DIRECTIONS FOR THIS TASK — When the string "addrC" is part of a line in the data below, report the whole line.

SOURCE MATERIAL —

>>>>>

(* For every $y\in\mathcal S\times[-1,1]\times\mathcal S$ and all $p,q\in\Delta_d^{\mathcal S}$, \[ \ell^\Theta_{\mathrm C,\infty}\bigl(H(p,y),H(q,y)\bigr)\le\ell^\Theta_{\mathrm C,\infty}(p,q). \]
   Context: $\mathcal S=\{1,\dots,m\}$ finite. $\Theta=\{\theta_1<\dots<\theta_d\}$ with constant stride $\Delta>0$; $\Delta_d$ the probability simplex of $\mathbb R^d$; $\Delta_d^{\mathcal S}$ the set of families $(p_i)_{i\in\mathcal S}$, $p_i\in\Delta_d$. For $u\in\Delta_d$, $\eta^{u,0}:=\sum_ku_k\delta_{\theta_k}$. Categorical projection $\Pi^\Theta_{\mathrm C}$: $\delta_x\mapsto\delta_{\theta_1}$ if $x\le\theta_1$, $\delta_{\theta_d}$ if $x\ge\theta_d$, $\frac{\theta_{k+1}-x}{\Delta}\delta_{\theta_k}+\frac{x-\theta_k}{\Delta}\delta_{\theta_{k+1}}$ if $\theta_k\le x\le\theta_{k+1}$, extended linearly to probability laws. For $b\in\mathbb R$, $L_bu\in\Delta_d$ is defined by $\Pi^\Theta_{\mathrm C}(\text{law of }X+b,\ X\sim\eta^{u,0})=\eta^{L_bu,0}$. One-sample backup: for $y=(s,b,s')$, $H(p,y)=q$ with $q_u=p_u$ for $u\ne s$ and $q_s=L_bp_{s'}$. Coordinate Cramér metric: $F_u(\theta_k):=\sum_{j\le k}u_j$, $\ell^\Theta_{\mathrm C}(u,v)^2:=\Delta\sum_{k=1}^{d-1}(F_u(\theta_k)-F_v(\theta_k))^2$, $\ell^\Theta_{\mathrm C,\infty}(p,q):=\max_i\ell^\Theta_{\mathrm C}(p_i,q_i)$. *)

From HB Require Import structures.
From mathcomp Require Import all_boot all_order all_algebra.
Set Implicit Arguments. Unset Strict Implicit. Unset Printing Implicit Defensive.
Import Order.TTheory GRing.Theory Num.Theory.
Local Open Scope ring_scope.

Section Defs.
Variable R : rcfType.

(* Support Theta: theta_k = theta1 + k * Delta, k = 0, ..., d-1 (0-indexed). *)
Definition atom (theta1 Delta : R) (k : nat) : R := theta1 + k%:R * Delta.

Definition in_simplex (d : nat) (u : 'I_d -> R) : Prop :=
  (forall k, 0 <= u k) /\ \sum_(k < d) u k = 1.

Definition in_simplex_fam (m d : nat) (p : 'I_m -> 'I_d -> R) : Prop :=
  forall i, in_simplex (p i).

(* Categorical projection of the Dirac mass delta_x, coordinate j. *)
Definition cat_proj_dirac (d : nat) (theta1 Delta : R) (x : R) (j : 'I_d) : R :=
  let th := atom theta1 Delta in
  if x <= th 0%N then ((j : nat) == 0%N)%:R
  else if th d.-1 <= x then ((j : nat) == d.-1)%:R
  else if (th j <= x) && (x <= th j.+1) then (th j.+1 - x) / Delta
  else if (0 < (j : nat))%N && (th j.-1 <= x) && (x <= th j)
       then (x - th j.-1) / Delta
  else 0.

(* L_b u : projection (extended linearly) of the law of X + b, X ~ sum_k u_k delta_{theta_k}. *)
Definition Lshift (d : nat) (theta1 Delta b : R) (u : 'I_d -> R) : 'I_d -> R :=
  fun j => \sum_(k < d) u k * cat_proj_dirac theta1 Delta (atom theta1 Delta k + b) j.

Definition backup (m d : nat) (theta1 Delta : R) (p : 'I_m -> 'I_d -> R)
    (s : 'I_m) (b : R) (s' : 'I_m) : 'I_m -> 'I_d -> R :=
  fun u => if u == s then Lshift theta1 Delta b (p s') else p u.

Definition cdf (d : nat) (u : 'I_d -> R) (k : nat) : R :=
  \sum_(j < d | (j <= k)%N) u j.

(* Coordinate Cramer metric: sqrt(Delta * sum_{k=1}^{d-1} (F_u(theta_k)-F_v(theta_k))^2). *)
Definition cramer (d : nat) (Delta : R) (u v : 'I_d -> R) : R :=
  Num.sqrt (Delta * \sum_(k < d.-1) (cdf u k - cdf v k) ^+ 2).

(* Sup-Cramer metric over states (max of nonnegative reals; 0 if S empty). *)
Definition cramer_inf (m d : nat) (Delta : R) (p q : 'I_m -> 'I_d -> R) : R :=
  \big[Num.max/0]_(i < m) cramer Delta (p i) (q i).

End Defs.

(* In grid coordinates y = (x - theta1) / Delta, the categorical projection of
   the Dirac mass at y has CDF  j |-> clamp01 (j + 1 - y).  Hence the CDF of
   L_b u at j is  sum_k u_k clamp01 (j + 1 - k - beta)  with beta = b / Delta.
   When u and v have the same total mass, summation by parts writes the CDF
   difference of L_b u and L_b v as M applied to the CDF difference of u and v,
   where M j l is the hat-function weight of l + beta at j.  The matrix M is
   doubly substochastic, and such a matrix contracts the Euclidean norm (Jensen
   along each row, then sum the columns).  The backup only replaces the state s
   by L_b applied to the state s', so the sup-Cramer distance does not grow. *)

From mathcomp Require Import all_boot all_order all_algebra.
From mathcomp Require Import ring lra.
Set Implicit Arguments. Unset Strict Implicit. Unset Printing Implicit Defensive.
Import Order.TTheory GRing.Theory Num.Theory.
Local Open Scope ring_scope.

Section DoublySubstochastic.
Variable R : realFieldType.

Lemma sqr_wsum_le_wsum_sqr (I : finType) (w a : I -> R) :
  (forall i, 0 <= w i) -> \sum_i w i <= 1 ->
  (\sum_i w i * a i) ^+ 2 <= \sum_i w i * a i ^+ 2.
Proof.
move=> w_ge0 sw_le1; set T := \sum_i w i * a i; set S := \sum_i w i.
have variance : \sum_i w i * (a i - T) ^+ 2
    = \sum_i w i * a i ^+ 2 - (2 * T) * T + T ^+ 2 * S.
  rewrite (eq_bigr (fun i => w i * a i ^+ 2 - (2 * T) * (w i * a i) + T ^+ 2 * w i));
    last by move=> i _; ring.
  by rewrite big_split sumrB /= -!mulr_sumr.
have : 0 <= \sum_i w i * (a i - T) ^+ 2.
  by apply: sumr_ge0 => i _; rewrite mulr_ge0 ?sqr_ge0.
have : 0 <= T ^+ 2 * (1 - S) by rewrite mulr_ge0 ?sqr_ge0 ?subr_ge0.
rewrite variance; nra.
Qed.

Lemma sum_sqr_substochastic_le (I J : finType) (M : I -> J -> R) (a : J -> R) :
  (forall i j, 0 <= M i j) ->
  (forall i, \sum_j M i j <= 1) -> (forall j, \sum_i M i j <= 1) ->
  \sum_i (\sum_j M i j * a j) ^+ 2 <= \sum_j a j ^+ 2.
Proof.
move=> M_ge0 row_le1 col_le1.
apply: (@le_trans _ _ (\sum_i \sum_j M i j * a j ^+ 2)).
  by apply: ler_sum => i _; apply: sqr_wsum_le_wsum_sqr.
rewrite exchange_big /=; apply: ler_sum => j _.
by rewrite -mulr_suml ler_piMl ?sqr_ge0.
Qed.

End DoublySubstochastic.

Lemma sum_by_parts0 (V : comPzRingType) (n : nat) (w : 'I_n.+1 -> V) (c : nat -> V) :
  \sum_k w k = 0 ->
  \sum_(k < n.+1) w k * c k
    = \sum_(l < n) (c l - c l.+1) * \sum_(k < n.+1 | (k <= l)%N) w k.
Proof.
move=> sw0.
have tail k : (k <= n)%N -> c k = c n + \sum_(l < n | (k <= l)%N) (c l - c l.+1).
  move=> kn; rewrite -(big_geq_mkord k n xpredT (fun l => c l - c l.+1)).
  rewrite (telescope_sumr_eq (fun l => - c l)) ?opprK ?addNKr // => l _.
  by rewrite opprK addrC.
under eq_bigr => k _ do rewrite (tail k (ltn_ord k)) mulrDr mulr_sumr.
rewrite big_split /= -mulr_suml sw0 mul0r add0r (exchange_big_dep xpredT) //=.
by apply: eq_bigr => l _; rewrite mulr_sumr; apply: eq_bigr => k _; rewrite mulrC.
Qed.

Section HatMass.
Variable R : realFieldType.

Definition clamp01 (z : R) : R := if z <= 0 then 0 else if 1 <= z then 1 else z.

Lemma clamp01_le0 (z : R) : z <= 0 -> clamp01 z = 0.
Proof. by rewrite /clamp01 => ->. Qed.

Lemma clamp01_ge1 (z : R) : 1 <= z -> clamp01 z = 1.
Proof. by move=> z1; rewrite /clamp01 z1 lt_geF //; lra. Qed.

Lemma clamp01_id (z : R) : 0 <= z -> z <= 1 -> clamp01 z = z.
Proof.
move=> z0 z1; rewrite /clamp01.
by case: (lerP z 0) => [|_]; case: (lerP 1 z) => //; lra.
Qed.

Lemma clamp01_ge0 (z : R) : 0 <= clamp01 z.
Proof.
by rewrite /clamp01; case: (lerP z 0) => // z0; case: (lerP 1 z) => // _; apply: ltW.
Qed.

Lemma clamp01_le1 (z : R) : clamp01 z <= 1.
Proof. by rewrite /clamp01; case: (lerP z 0) => // _; case: (lerP 1 z) => // /ltW. Qed.

Lemma clamp01_homo : {homo clamp01 : x y / x <= y}.
Proof.
move=> x y xy; rewrite {1}/clamp01; case: (lerP x 0) => x0; first exact: clamp01_ge0.
case: (lerP 1 x) => x1; first by rewrite clamp01_ge1 //; lra.
by rewrite /clamp01; case: (lerP y 0) => y0; [lra | case: (lerP 1 y) => //; lra].
Qed.

(* [hat_mass y j = max(0, 1 - |y - j|)], the weight that linear interpolation
   of [y] puts on the grid point [j]. *)
Definition hat_mass (y : R) (j : nat) : R := clamp01 (j.+1%:R - y) - clamp01 (j%:R - y).

Lemma hat_mass_ge0 (y : R) (j : nat) : 0 <= hat_mass y j.
Proof. by rewrite subr_ge0 clamp01_homo // lerD2r ler_nat. Qed.

Lemma sum_hat_mass (y : R) (n : nat) :
  \sum_(j < n) hat_mass y j = clamp01 (n%:R - y) - clamp01 (- y).
Proof. by rewrite -(big_mkord xpredT) telescope_sumr // sub0r. Qed.

Lemma sum_hat_mass_le1 (y : R) (n : nat) : \sum_(j < n) hat_mass y j <= 1.
Proof.
rewrite sum_hat_mass; have := clamp01_le1 (n%:R - y); have := clamp01_ge0 (- y).
lra.
Qed.

Lemma sum_shifted_hat_mass_le1 (beta : R) (j n : nat) :
  \sum_(l < n) hat_mass (l%:R + beta) j <= 1.
Proof.
rewrite -(big_mkord xpredT (fun l => hat_mass (l%:R + beta) j))
  (telescope_sumr_eq (fun l => - clamp01 (j.+1%:R - (l%:R + beta)))) //.
  have := clamp01_le1 (j.+1%:R - (0%:R + beta)).
  have := clamp01_ge0 (j.+1%:R - (n%:R + beta)).
  lra.
move=> l _; rewrite /hat_mass opprK [RHS]addrC -!natr1.
by congr (_ - clamp01 _); ring.
Qed.

Lemma hat_mass_interp (j : nat) (y : R) : 0 < y ->
  (if (j%:R <= y) && (y <= j.+1%:R) then j.+1%:R - y
   else if (0 < j)%N && (j.-1%:R <= y) && (y <= j%:R) then y - j.-1%:R else 0)
  = hat_mass y j.
Proof.
rewrite /hat_mass; case: j => [|i] y0 /=.
  rewrite [clamp01 (0 - y)]clamp01_le0 ?subr0 ?(ltW y0); last lra.
  by case: (lerP y 1) => y1 /=; [rewrite clamp01_id | rewrite clamp01_le0]; lra.
rewrite -!natr1; set t := i%:R.
case: (lerP (t + 1) y) => y1 /=.
  case: (lerP y (t + 1 + 1)) => y2 /=.
    by rewrite [clamp01 (t + 1 - y)]clamp01_le0 ?clamp01_id; lra.
  have -> : (y <= t + 1) = false by apply: lt_geF; lra.
  by rewrite andbF !clamp01_le0; lra.
case: (lerP t y) => y2 /=.
  by rewrite (ltW y1) clamp01_ge1 ?clamp01_id; lra.
by rewrite !clamp01_ge1; lra.
Qed.

Definition proj_mass (d : nat) (y : R) (j : nat) : R :=
  if y <= 0 then (j == 0)%N%:R
  else if d.-1%:R <= y then (j == d.-1)%N%:R
  else hat_mass y j.

Lemma sum_proj_mass (d j : nat) (y : R) : (j < d.-1)%N ->
  \sum_(i < j.+1) proj_mass d y i = clamp01 (j.+1%:R - y).
Proof.
move=> lt_j_d; rewrite /proj_mass; case: (lerP y 0) => y0.
  rewrite big_ord_recl /= big1 ?addr0 ?clamp01_ge1 //.
  have : 1 <= j.+1%:R :> R by rewrite ler1n.
  lra.
case: (lerP d.-1%:R y) => y1.
  rewrite big1 => [|i _]; last by rewrite ltn_eqF // (leq_trans (ltn_ord i) lt_j_d).
  rewrite clamp01_le0 //.
  have : j.+1%:R <= d.-1%:R :> R by rewrite ler_nat.
  lra.
by rewrite sum_hat_mass [clamp01 (- y)]clamp01_le0 ?subr0 //; lra.
Qed.

Lemma shifted_cdf_contraction (n : nat) (beta : R) (w : 'I_n.+1 -> R) :
  \sum_k w k = 0 ->
  \sum_(j < n) (\sum_(k < n.+1) w k * clamp01 (j.+1%:R - (k%:R + beta))) ^+ 2
    <= \sum_(l < n) (\sum_(k < n.+1 | (k <= l)%N) w k) ^+ 2.
Proof.
move=> sw0.
have hat_step (j l : nat) :
    clamp01 (j.+1%:R - (l%:R + beta)) - clamp01 (j.+1%:R - (l.+1%:R + beta))
    = hat_mass (l%:R + beta) j.
  by rewrite /hat_mass -!natr1; congr (_ - clamp01 _); ring.
under eq_bigr => j _.
  rewrite (sum_by_parts0 (fun k => clamp01 (j.+1%:R - (k%:R + beta))) sw0).
  under eq_bigr => l _ do rewrite hat_step.
  over.
apply: sum_sqr_substochastic_le => [j l|j|l].
- exact: hat_mass_ge0.
- exact: sum_shifted_hat_mass_le1.
- exact: sum_hat_mass_le1.
Qed.

End HatMass.

Section GridProjection.
Variables (R : rcfType) (theta1 Delta : R).
Hypothesis Delta_gt0 : 0 < Delta.

Definition grid_coord (x : R) : R := (x - theta1) / Delta.

Lemma atom_le (n : nat) (x : R) : (atom theta1 Delta n <= x) = (n%:R <= grid_coord x).
Proof. by rewrite /grid_coord ler_pdivlMr // lerBrDl. Qed.

Lemma le_atom (n : nat) (x : R) : (x <= atom theta1 Delta n) = (grid_coord x <= n%:R).
Proof. by rewrite /grid_coord ler_pdivrMr // lerBlDl. Qed.

Lemma grid_coord_atomD (k : nat) (b : R) :
  grid_coord (atom theta1 Delta k + b) = k%:R + b / Delta.
Proof. by rewrite /grid_coord /atom; field; rewrite gt_eqF. Qed.

Lemma cat_proj_diracE (d : nat) (x : R) (j : 'I_d) :
  cat_proj_dirac theta1 Delta x j = proj_mass d (grid_coord x) j.
Proof.
rewrite /cat_proj_dirac /proj_mass le_atom atom_le.
case: ifP => // /negbT; rewrite -ltNge => y0; case: ifP => // _.
have atomB (n : nat) : (atom theta1 Delta n - x) / Delta = n%:R - grid_coord x.
  by rewrite /grid_coord /atom; field; rewrite gt_eqF.
have Batom (n : nat) : (x - atom theta1 Delta n) / Delta = grid_coord x - n%:R.
  by rewrite /grid_coord /atom; field; rewrite gt_eqF.
by rewrite !atom_le !le_atom atomB Batom hat_mass_interp.
Qed.

Lemma cdf_cat_proj_dirac (d j : nat) (x : R) : (j < d.-1)%N ->
  cdf (cat_proj_dirac theta1 Delta x : 'I_d -> R) j = clamp01 (j.+1%:R - grid_coord x).
Proof.
move=> lt_j_d; rewrite /cdf (eq_bigr (fun i : 'I_d => proj_mass d (grid_coord x) i)).
  rewrite -(sum_proj_mass (grid_coord x) lt_j_d).
  by rewrite (big_ord_widen_cond d xpredT _ (leq_trans lt_j_d (leq_pred d))).
by move=> i _; rewrite cat_proj_diracE.
Qed.

Lemma cdf_Lshift (d : nat) (b : R) (u : 'I_d -> R) (j : nat) : (j < d.-1)%N ->
  cdf (Lshift theta1 Delta b u) j
    = \sum_k u k * clamp01 (j.+1%:R - (k%:R + b / Delta)).
Proof.
move=> lt_j_d; rewrite /cdf /Lshift (exchange_big_dep xpredT) //=.
apply: eq_bigr => k _.
rewrite -mulr_sumr -grid_coord_atomD -(cdf_cat_proj_dirac _ lt_j_d).
by rewrite /cdf; under eq_bigl do rewrite andbT.
Qed.

Lemma cramer_Lshift_le (d : nat) (b : R) (u v : 'I_d -> R) :
  \sum_k u k = \sum_k v k ->
  cramer Delta (Lshift theta1 Delta b u) (Lshift theta1 Delta b v) <= cramer Delta u v.
Proof.
case: d u v => [|n] u v suv; first by rewrite /cramer !big_ord0.
rewrite /cramer; apply/ler_wsqrtr/ler_wpM2l; first exact: ltW.
have sw0 : \sum_k (u k - v k) = 0 by rewrite sumrB suv subrr.
under eq_bigr => j _ do rewrite !cdf_Lshift // -sumrB.
under [X in _ <= X]eq_bigr => l _ do rewrite /cdf -sumrB.
under eq_bigr => j _ do under eq_bigr => k _ do rewrite -mulrBl.
exact: shifted_cdf_contraction.
Qed.

End GridProjection.

Theorem lemma2 (R : rcfType) (m d : nat) (theta1 Delta : R) (hDelta : 0 < Delta)
    (s : 'I_m) (b : R) (s' : 'I_m) (hb : -1 <= b <= 1)
    (p q : 'I_m -> 'I_d -> R) (hp : in_simplex_fam p) (hq : in_simplex_fam q) :
  cramer_inf Delta (backup theta1 Delta p s b s') (backup theta1 Delta q s b s')
  <= cramer_inf Delta p q.
Proof.
rewrite /cramer_inf; apply: bigmax_le => [|i _].
  exact: le_trans (sqrtr_ge0 _) (le_bigmax _ _ s).
rewrite /backup; case: eqP => _; last exact: le_bigmax.
apply: le_trans (le_bigmax _ _ s').
by apply: cramer_Lshift_le; rewrite ?(hp s').2 ?(hq s').2.
Qed.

<<<<<

WRITTEN SOLUTION —
  by rewrite opprK addrC.
move=> l _; rewrite /hat_mass opprK [RHS]addrC -!natr1.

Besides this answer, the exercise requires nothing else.